Although not used for the cat of the present report, another option for collecting semen is the use of an artificial vagina.2,3 In cats, the use of an artificial vagina results in natural ejaculation and collection of the most representative sample for semen analysis; however, toms require conditioning to the process, and the conditioning may take approximately 4 months.2
After a semen sample is obtained from a cat, a complete semen analysis should be performed and include assessment of sperm motility (total and progressive), morphology, and concentration. When a complete semen evaluation fails to explain infertility in a tom, other diagnostic tests, such as hypo-osmotic swelling testing (to assess sperm cell membrane integrity) and sperm chromatin structure assay (to identify DNA fragmentation), should be performed to detect other spermatozoal defects that may be present.
Outcome
The owner elected to have the cat castrated. The surgery was scheduled and performed routinely, and removed testicles (Figure 3) were submitted for histologic evaluation.
Histologic examination of the testicles revealed widespread, moderate sperm maturation arrest (Figure 4). Most of the seminiferous tubules had spermatogenic epithelium with germ cells to the level of primary spermatocytes; however, no maturation beyond the primary spermatocyte stage was observed.

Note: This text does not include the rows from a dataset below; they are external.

(* Let $G=(V,E)$ be an undirected graph with $n$ vertices and non-negative edge weights of maximum value $W$, let $K$ be a positive integer, and let $\varepsilon>0$. Let $s,t \in V$ be vertices with finite distance $d(s,t)$, set $r = \frac{\varepsilon}{2} d(s,t) + W$, and let $P$ be a shortest $s$-$t$ path in $G$. (i) If all vertices of $P$ lie in $V_r$, then the hop-distance from $s$ to $t$ in $H$ is at most $\lceil 2/\varepsilon\rceil$. (ii) If all vertices of $P$ lie in $V_r$, then $V(P)\cap A_{1/\varepsilon}(s)\cap A_{1/\varepsilon}(t) \neq \emptyset$. (iii) If $P$ contains a vertex of $V\setminus V_r$, then $(V(P)\setminus V_r)\cap A_{1/\varepsilon}(s)$ or $(V(P)\setminus V_r)\cap A_{1/\varepsilon}(t)$ is non-empty.
   Context: $d(u,v)$ is the weighted distance in $G$. For $v\in V$, $K[v]$ is a set of the $K$ vertices closest to $v$ in $G$ (including $v$, ties broken arbitrarily; the whole connected component of $v$ if it has fewer than $K$ vertices). $\mathrm{ball}(v,r)=\{u\in V: d(v,u)\le r\}$ and $V_r=\{v\in V:\mathrm{ball}(v,r)\subseteq K[v]\}$. $H$ is the auxiliary graph on vertex set $V$ with, for each $v\in V$, an edge (hop) from $v$ to every $v'\in K[v]\setminus\{v\}$, of weight $d(v,v')$; a hop may be taken from $v$ to $v'$ only when $v'\in K[v]$. The hop-distance from $x$ to $y$ in $H$ is the minimum number of hops on a walk in $H$ from $x$ to $y$. For a vertex $x$, $A_{1/\varepsilon}(x)$ is the set of vertices reachable from $x$ in $H$ by at most $\lceil 1/\varepsilon\rceil$ hops. *)

From HB Require Import structures.
From mathcomp Require Import all_boot all_order all_algebra.
From mathcomp Require Import boolp classical_sets reals constructive_ereal ereal.
Set Implicit Arguments. Unset Strict Implicit. Unset Printing Implicit Defensive.
Import Order.TTheory GRing.Theory Num.Theory.
Local Open Scope ring_scope.
Local Open Scope classical_set_scope.

Section Defs.
Variables (R : realType) (T : finType).
(* the graph: vertex set T, symmetric edge relation e, weights w on edges *)
Variables (e : rel T) (w : T -> T -> R).

Definition walk_w (x : T) (p : seq T) : R :=
  \sum_(ij <- zip (x :: p) p) w ij.1 ij.2.

Definition gwalk (u v : T) (p : seq T) : bool := path e u p && (last u p == v).

Definition dist (u v : T) : \bar R :=
  ereal_inf [set (walk_w u p)%:E | p in [set p | gwalk u v p]].

(* maximum edge weight W (0 if there are no edges) *)
Definition maxw : R := \big[Num.max/0]_(x : T) \big[Num.max/0]_(y : T | e x y) w x y.

Definition shortest_path (u v : T) (p : seq T) : Prop :=
  [/\ gwalk u v p, uniq (u :: p) & (walk_w u p)%:E = dist u v].
(* Let $\mathcal{B}$ be a complete boolean algebra and let $\mathcal{M}$ be a $\mathcal{B}$-valued model (with domain $M$) for a relational language $\mathcal{L}$. Assume that $\mathcal{M}$ satisfies the $\kappa$-mixing property for some cardinal $\kappa\ge\min\{|\mathcal{B}|,|M|\}$. Then $\mathcal{M}$ is full.
   Context: A $\mathcal{B}$-valued model $\mathcal{M}$ for a relational language $\mathcal{L}$ consists of a non-empty set $M$, a map $(\sigma,\tau)\mapsto[\![\sigma=\tau]\!]\in\mathcal{B}$, maps $(\sigma_1,\dots,\sigma_n)\mapsto[\![R(\sigma_1,\dots,\sigma_n)]\!]\in\mathcal{B}$ for each $n$-ary relation symbol $R$, and elements $c^{\mathcal{M}}\in M$ for constants, such that $[\![\sigma=\sigma]\!]=1$, $[\![\sigma=\tau]\!]=[\![\tau=\sigma]\!]$, $[\![\sigma=\tau]\!]\wedge[\![\tau=\pi]\!]\le[\![\sigma=\pi]\!]$ and $\bigwedge_i[\![\sigma_i=\tau_i]\!]\wedge[\![R(\vec\sigma)]\!]\le[\![R(\vec\tau)]\!]$. Since $\mathcal{B}$ is complete, sentences with parameters from $M$ get values in $\mathcal{B}$ via $[\![\varphi\wedge\psi]\!]=[\![\varphi]\!]\wedge[\![\psi]\!]$, $[\![\neg\varphi]\!]=\neg[\![\varphi]\!]$, $[\![\exists x\varphi(x)]\!]=\bigvee_{\tau\in M}[\![\varphi(\tau)]\!]$. For an ultrafilter $G$ on $\mathcal{B}$, $\mathcal{M}/_G$ is the Tarski structure on $\{[\sigma]_G\}$, $[\sigma]_G=\{\tau:[\![\tau=\sigma]\!]\in G\}$, with $R([\vec\sigma]_G)$ true iff $[\![R(\vec\sigma)]\!]\in G$ and constants $[c^{\mathcal{M}}]_G$. $\mathcal{M}$ is full if for every ultrafilter $G$, every formula $\phi(x_1,\dots,x_n)$ and all $\tau_i\in M$: $\mathcal{M}/_G\models\phi([\tau_1]_G,\dots,[\tau_n]_G)$ iff $[\![\phi(\tau_1,\dots,\tau_n)]\!]\in G$. $\mathcal{M}$ has the $\kappa$-mixing property if for every antichain $A\subseteq\mathcal{B}$ with $|A|\le\kappa$ and every family $\{\tau_a:a\in A\}\subseteq M$ there exists $\tau\in M$ such that $a\le[\![\tau=\tau_a]\!]$ for every $a\in A$. *)

(* Boolean algebras are MathComp's ctbDistrLatticeType
   (complemented distributive lattices with top and bottom). *)
From HB Require Import structures.
From mathcomp Require Import all_boot all_order.
From Stdlib Require Import ClassicalEpsilon.
Set Implicit Arguments. Unset Strict Implicit. Unset Printing Implicit Defensive.
Import Order.Theory.
Local Open Scope order_scope.
Definition surjective_on_objects C D (G : TwoFunctorData C D) : Prop :=
  forall Y : tob D, exists X, F0 G X = Y.

Definition full_on_morphisms C D (G : TwoFunctorData C D) : Prop :=
  forall (X X' : tob C) (f : tmor D),
    mor_between f (F0 G X) (F0 G X') -> exists a, mor_between a X X' /\ F1 G a = f.

Definition fully_faithful_on_cells C D (G : TwoFunctorData C D) : Prop :=
  forall (X X' : tob C) (a a' : tmor C),
    mor_between a X X' -> mor_between a' X X' ->
    forall be : tcell D, cell_between be (F1 G a) (F1 G a') ->
      exists al : tcell C, (cell_between al a a' /\ F2 G al = be) /\
        forall al' : tcell C, cell_between al' a a' -> F2 G al' = be -> al' = al.

Definition strict_trivial_fibration C D (G : TwoFunctorData C D) : Prop :=
  surjective_on_objects G /\ full_on_morphisms G /\ fully_faithful_on_cells G.

Section TwoFunctors.
Variables (C D : TwoCatData) (G : TwoFunctorData C D).
Hypotheses (HC : two_cat_laws C) (HD : two_cat_laws D) (HG : two_functor_laws G).

Lemma cell_over_identity (FF : fully_faithful_on_cells G) (a : tmor C) X X' (c : tcell C) :
  mor_between a X X' -> cell_between c a a -> F2 G c = idc (F1 G a) -> c = idc a.
Proof.
  intros Ha Hc Fc.
  destruct (FF _ _ _ _ Ha Ha _ (idc_between HD (F1 G a))) as [z [_ Uz]].
  rewrite (Uz c), (Uz (idc a)); auto.
  - apply (idc_between HC).
  - apply (F2_idc HG).
Qed.

Lemma invertible_cell_reflect (FF : fully_faithful_on_cells G) (a a' : tmor C) X X'
  (be : tcell D) :
  mor_between a X X' -> mor_between a' X X' -> invertible_cell be (F1 G a) (F1 G a') ->
  exists al, invertible_cell al a a' /\ F2 G al = be.
Proof.
  intros Ha Ha' [Hbe [d [Hd [E1 E2]]]].
  destruct (FF _ _ _ _ Ha Ha' _ Hbe) as [al [[Hal Fal] _]].
  destruct (FF _ _ _ _ Ha' Ha _ Hd) as [dl [[Hdl Fdl] _]].
  exists al. split; [|assumption]. split; [assumption|]. exists dl.
  split; [assumption|]. split.
  - apply (cell_over_identity FF Ha); [apply (cell_vcomp_between HC Hal Hdl)|].
    rewrite (F2_vcompc HG Hal Hdl), Fal, Fdl. assumption.
  - apply (cell_over_identity FF Ha'); [apply (cell_vcomp_between HC Hdl Hal)|].
    rewrite (F2_vcompc HG Hdl Hal), Fal, Fdl. assumption.
Qed.

Lemma equivalence_reflect (FF : fully_faithful_on_cells G) (Fu : full_on_morphisms G)
  (a : tmor C) X Z :
  mor_between a X Z -> equivalence (F1 G a) (F0 G X) (F0 G Z) -> equivalence a X Z.
Proof.
  intros Ha [_ [g [Hg [[c Hc] [d Hd]]]]].
  destruct (Fu _ _ _ Hg) as [g' [Hg' <-]].
  split; [assumption|]. exists g'. split; [assumption|].
  assert (Hag : mcod a = mdom g') by (destruct Ha, Hg'; congruence).
  assert (Hga : mcod g' = mdom a) by (destruct Ha, Hg'; congruence).
  rewrite <- (F1_idm HG), <- (F1_comp HG _ _ Hag) in Hc.
  rewrite <- (F1_idm HG), <- (F1_comp HG _ _ Hga) in Hd.
  split.
  - destruct (invertible_cell_reflect FF (idm_between HC X) (comp_between HC Ha Hg') Hc)
      as [al [Hal _]]; eauto.
  - destruct (invertible_cell_reflect FF (comp_between HC Hg' Ha) (idm_between HC Z) Hd)
      as [al [Hal _]]; eauto.
Qed.

(* Strict conditions give a biequivalence and a Lack fibration: objects and
   morphisms lift on the nose, and lifts of equivalences / invertible 2-cells
   are again such by reflection. *)
Lemma strict_lack_trivial_fibration :
  strict_trivial_fibration G -> lack_trivial_fibration G.
Proof.
  intros [S [Fu FF]]. split; [split; [|split]|split].
  - intros Y. destruct (S Y) as [X <-]. exists X, (idm (F0 G X)).
    apply (idm_equivalence HD).
  - intros X X' f Hf. destruct (Fu _ _ _ Hf) as [a [Ha <-]]. exists a.
    split; [assumption|]. exists (idc (F1 G a)). apply (idc_invertible HD).
  - exact FF.
  - intros Y Z b Hb. destruct (S Y) as [X <-].
    destruct (Fu _ _ _ (proj1 Hb)) as [a [Ha <-]].
    exists X, a. split; [|reflexivity]. apply (equivalence_reflect FF Fu Ha Hb).
  - intros b c be Hbe.
    destruct (cell_parallel HD (proj1 Hbe)) as [E1 E2].
    assert (Hb : mor_between b (F0 G (mdom c)) (F0 G (mcod c))).
    { split; [rewrite E1; apply (F1_mdom HG) | rewrite E2; apply (F1_mcod HG)]. }
    destruct (Fu _ _ _ Hb) as [a [Ha <-]].
    assert (Hc : mor_between c (mdom c) (mcod c)) by (split; reflexivity).
    destruct (invertible_cell_reflect FF Ha Hc Hbe) as [al Hal]. eauto.
Qed.

(* Conversely, strict surjectivity on objects comes from lifting a reversed
   essential-surjectivity equivalence, strict fullness from lifting the
   inverse of the comparison 2-cell given by essential fullness. *)
Lemma lack_trivial_fibration_strict :
  lack_trivial_fibration G -> strict_trivial_fibration G.
Proof.
  intros [[B1 [B2 B3]] [LF1 LF2]]. split; [|split; [|exact B3]].
  - intros Y. destruct (B1 Y) as [X [e He]].
    destruct (equivalence_sym He) as [g Hg].
    destruct (LF1 _ _ _ Hg) as [X' [a [[[Ha _] _] Ea]]].
    exists X'. destruct Hg as [[Hg _] _].
    rewrite <- Ha, <- (F1_mdom HG), Ea. assumption.
  - intros X X' f Hf. destruct (B2 _ _ _ Hf) as [a [Ha [c Hc]]].
    destruct (invertible_cell_sym Hc) as [d Hd].
    destruct (LF2 _ _ _ Hd) as [a' [al [[Hal _] Fal]]].
    exists a'. destruct (cell_parallel HC Hal) as [E1 E2].
    split.
    + destruct Ha. split; congruence.
    + destruct Hal as [_ [<- _]]. rewrite <- (F2_cdom HG), Fal.
      destruct Hd as [[_ [Dd _]] _]. exact Dd.
Qed.

Lemma lack_trivial_fibration_iff :
  lack_trivial_fibration G <-> strict_trivial_fibration G.
Proof.
  split; [apply lack_trivial_fibration_strict | apply strict_lack_trivial_fibration].
Qed.
End TwoFunctors.

Section DoubleCategories.
Variable A : DoubleCat.

Definition framed (s : sq A) (u u' : ver A) (a c : hor A) : Prop :=
  sq_left s = u /\ sq_right s = u' /\ sq_top s = a /\ sq_bot s = c.

Definition globular (s : sq A) (a b : hor A) : Prop :=
  framed s (vid (hdom a)) (vid (hcod a)) a b.

Lemma framed_corners (s : sq A) u u' a c :
  framed s u u' a c ->
  hdom a = vdom u /\ hcod a = vdom u' /\ hdom c = vcod u /\ hcod c = vcod u'.
Proof.
  intros [<- [<- [<- <-]]].
  repeat split; [apply sq_frame_tl | apply sq_frame_tr | apply sq_frame_bl | apply sq_frame_br].
Qed.

Lemma globular_ends (s : sq A) a b : globular s a b -> hdom b = hdom a /\ hcod b = hcod a.
Proof.
  intros Hs. destruct (framed_corners Hs) as [_ [_ [E1 E2]]].
  rewrite vcod_vid in E1, E2. auto.
Qed.

Lemma sq_vid_globular (a : hor A) : globular (sq_vid a) a a.
Proof.
  unfold globular, framed.
  rewrite sq_vid_left, sq_vid_right, sq_vid_top, sq_vid_bot. auto.
Qed.

Lemma framed_vcomp (s t : sq A) u u' v v' a b c :
  framed s u u' a b -> framed t v v' b c ->
  framed (sq_vcomp s t) (vcomp u v) (vcomp u' v') a c.
Proof.
  intros [Ls [Rs [Ts Bs]]] [Lt [Rt [Tt Bt]]].
  assert (C : sq_bot s = sq_top t) by congruence.
  unfold framed.
  rewrite (sq_vcomp_left C), (sq_vcomp_right C), (sq_vcomp_top C), (sq_vcomp_bot C).
  subst. auto.
Qed.

Lemma framed_whisker_top (s0 al : sq A) u u' a b c :
  globular s0 a b -> framed al u u' b c -> framed (sq_vcomp s0 al) u u' a c.
Proof.
  intros Hs Hal. pose proof (framed_vcomp Hs Hal) as Hc.
  destruct (globular_ends Hs) as [E1 E2].
  destruct (framed_corners Hal) as [K1 [K2 _]].
  rewrite <- E1, <- E2, K1, K2, !vcomp_id_l in Hc. exact Hc.
Qed.

Lemma framed_whisker_bot (al s1 : sq A) u u' a b c :
  framed al u u' a b -> globular s1 b c -> framed (sq_vcomp al s1) u u' a c.
Proof.
  intros Hal Hs. pose proof (framed_vcomp Hal Hs) as Hc.
  destruct (framed_corners Hal) as [_ [_ [K1 K2]]].
  rewrite K1, K2, !vcomp_id_r in Hc. exact Hc.
Qed.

Sperm maturation arrest in domestic cats is an uncommon finding. In humans, the disorder may have genetic, idiopathic, iatrogenic, or acquired causes (eg, chemotherapy, radiation, endocrinopathy).8 The underlying cause of sperm maturation arrest in the cat of the present report was unknown, and despite azoospermia, this cat had adequate serum concentrations of testosterone 6 months earlier and displayed appropriate libido in its household with 5 queens. Castration was a suitable choice for this cat, given that the owner wanted to keep the cat in the household with intact queens. Mating of a queen by an azoospermic tom will likely induce ovulation and end the queen's estrus period, preventing any planned matings with a fertile tom from being successful and possibly increasing the likelihood of pyometra in the queen. Each time ovulation is induced in a queen, high serum progesterone concentrations are maintained, resulting in a state of pseudopregnancy, and return to estrus is prevented for approximately 40 days.4 Thus, castration and removal of this cat with azoospermia from a breeding role helped to preserve the fertility of the queens in the household.
References
- 1. ↑
Little SE. Feline reproduction and pediatrics. In: Little SE, ed. The cat: clinical medicine and management. St Louis: Saunders, 2012;1184–1251.
- 2. ↑
Johnson AK. Assisted reproduction in the male cat. Vet Clin North Am Small Anim Pract 2018;48:511–521.
- 3. ↑
Johnston SD, Kustritz MVR, Olson PNS. The tom. In: Canine and feline theriogenology. Philadelphia: WB Saunders Co, 2001;497–548.
- 4. ↑
Johnston SD, Kustritz MVR, Olson PNS. The queen. In: Canine and feline theriogenology. Philadelphia: WB Saunders Co, 2001;389–496.
- 5. ↑
Johnson AK. Assisted reproduction in the female cat. Vet Clin North Am Small Anim Pract 2018;48:523–531.
- 6. ↑
Concannon P, Hodgson B, Lein D. Reflex LH release in estrous cats following single and multiple copulations. Biol Re-prod 1980;23:111–117.
- 7. ↑
Swanson WF, Bateman HL, Vansandt LM. Urethral catheterization and sperm vitrification for simplified semen banking in felids. Reprod Domest Anim 2017;52(suppl 2):255–260.
- 8. ↑
Weedin JW, Bennett RC, Fenig DM, et al. Early versus late maturation arrest: reproductive outcomes of testicular failure. J Urol 2011;186:621–626.